'''

Lemma Phi_mid (f g : Om -> R) : continuous f -> continuous g ->
  Phi (fun t => (f t + g t) / 2) = (fun t => (Phi f t + Phi g t) / 2).
Proof.
move=> cf cg; have -> : (fun t => (f t + g t) / 2) = (fun t => 2^-1 * (f t + g t)).
  by apply/funext => t; rewrite mulrC.
rewrite Phi_scale ?Phi_add //; last exact: cont_add.
by apply/funext => t; rewrite mulrC.
Qed.

Lemma pullback_equiv_norm (N : (Om -> R) -> R) :
  equiv_norm_on B N -> equiv_norm_on A (fun f => N (Phi f)).
Proof.
move=> [_ [N_add [N_scale [c1 [c2 [c1_gt0 [c2_gt0 N_bounds]]]]]]].
split; first by move=> f g cf cg fg; rewrite (Phi_agree _ _ cf cg fg).
split; first by move=> f g cf cg; rewrite Phi_add //; apply: N_add; exact: Phi_cont.
split; first by move=> c f cf; rewrite Phi_scale //; apply: N_scale; exact: Phi_cont.
exists (c1 * k1), (c2 * k2); do 2 (split; first exact: mulr_gt0).
move=> f cf; have [N_lo N_hi] := N_bounds _ (Phi_cont _ cf); split.
- by rewrite -mulrA; apply: le_trans N_lo; rewrite ler_pM2l // Phi_lower.
- by apply: le_trans N_hi _; rewrite -mulrA ler_pM2l // Phi_upper.
Qed.

(* The segment [x_n, y_n] is sent by Phi to [Phi x_n, Phi y_n], and the
   common direction z of x_n - y_n on A to the direction Phi z. *)
Lemma pullback_URED (N : (Om -> R) -> R) :
  URED_on B N -> URED_on A (fun f => N (Phi f)).
Proof.
move=> N_URED x y z r cx cy cz x_unit y_unit mid_cvg dir.
have cxy n : continuous (fun t => x n t - y n t) by apply: cont_add => //; exact: cont_opp.
have -> : (fun n => N (Phi (fun t => x n t - y n t))) =
          (fun n => N (fun t => Phi (x n) t - Phi (y n) t)).
  by apply/funext => n; rewrite Phi_sub.
apply: (N_URED _ _ (Phi z) r) => //.
- by move=> n; exact: Phi_cont.
- by move=> n; exact: Phi_cont.
- exact: Phi_cont.
- have <- : (fun n => N (Phi (fun t => (x n t + y n t) / 2))) =
            (fun n => N (fun t => (Phi (x n) t + Phi (y n) t) / 2)).
    by apply/funext => n; rewrite Phi_mid.
  exact: mid_cvg.
- move=> n a _.
  have := congr1 (fun h => h a) (Phi_agree _ _ (cxy n) (cont_scale (r n) cz) (dir n)).
  by rewrite Phi_sub // Phi_scale.
Qed.

Lemma admits_equiv_URED_pullback :
  @admits_equiv_URED R Om B -> @admits_equiv_URED R Om A.
Proof.
move=> [N [N_equiv N_URED]]; exists (fun f => N (Phi f)).
by split; [exact: pullback_equiv_norm | exact: pullback_URED].
Qed.

End EquivalentNormPullback.

(* C_set0 is the zero space; the zero norm is vacuously URED on it. *)
Lemma admits_equiv_URED_set0 {R : realType} {Om : topologicalType} :
  @admits_equiv_URED R Om set0.
Proof.
exists (fun _ => 0); split.
  split => //; split; first by move=> *; rewrite addr0.
  split; first by move=> *; rewrite mulr0.
  exists 1, 1; do 2 split => //; move=> f cf.
  by rewrite /supn image_set0 sup0 mulr0.
by move=> x y z r _ _ _ x_unit; have /eqP := x_unit 0%N; rewrite eq_sym oner_eq0.
Qed.

Section LatticeHomLinear.
Context {R : realType} {Om : topologicalType} {X : completeNormedModType R}.
Context {jn : X -> X -> X} {A : set Om} {T : X -> Om -> R}.
Hypothesis T_hom : lattice_hom_on jn A T.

'''

◆ **What is required**
Copy whichever lines in the listing above contain the word "mulrA".

◆ **Solution to the problem**
- by rewrite -mulrA; apply: le_trans N_lo; rewrite ler_pM2l // Phi_lower.
- by apply: le_trans N_hi _; rewrite -mulrA ler_pM2l // Phi_upper.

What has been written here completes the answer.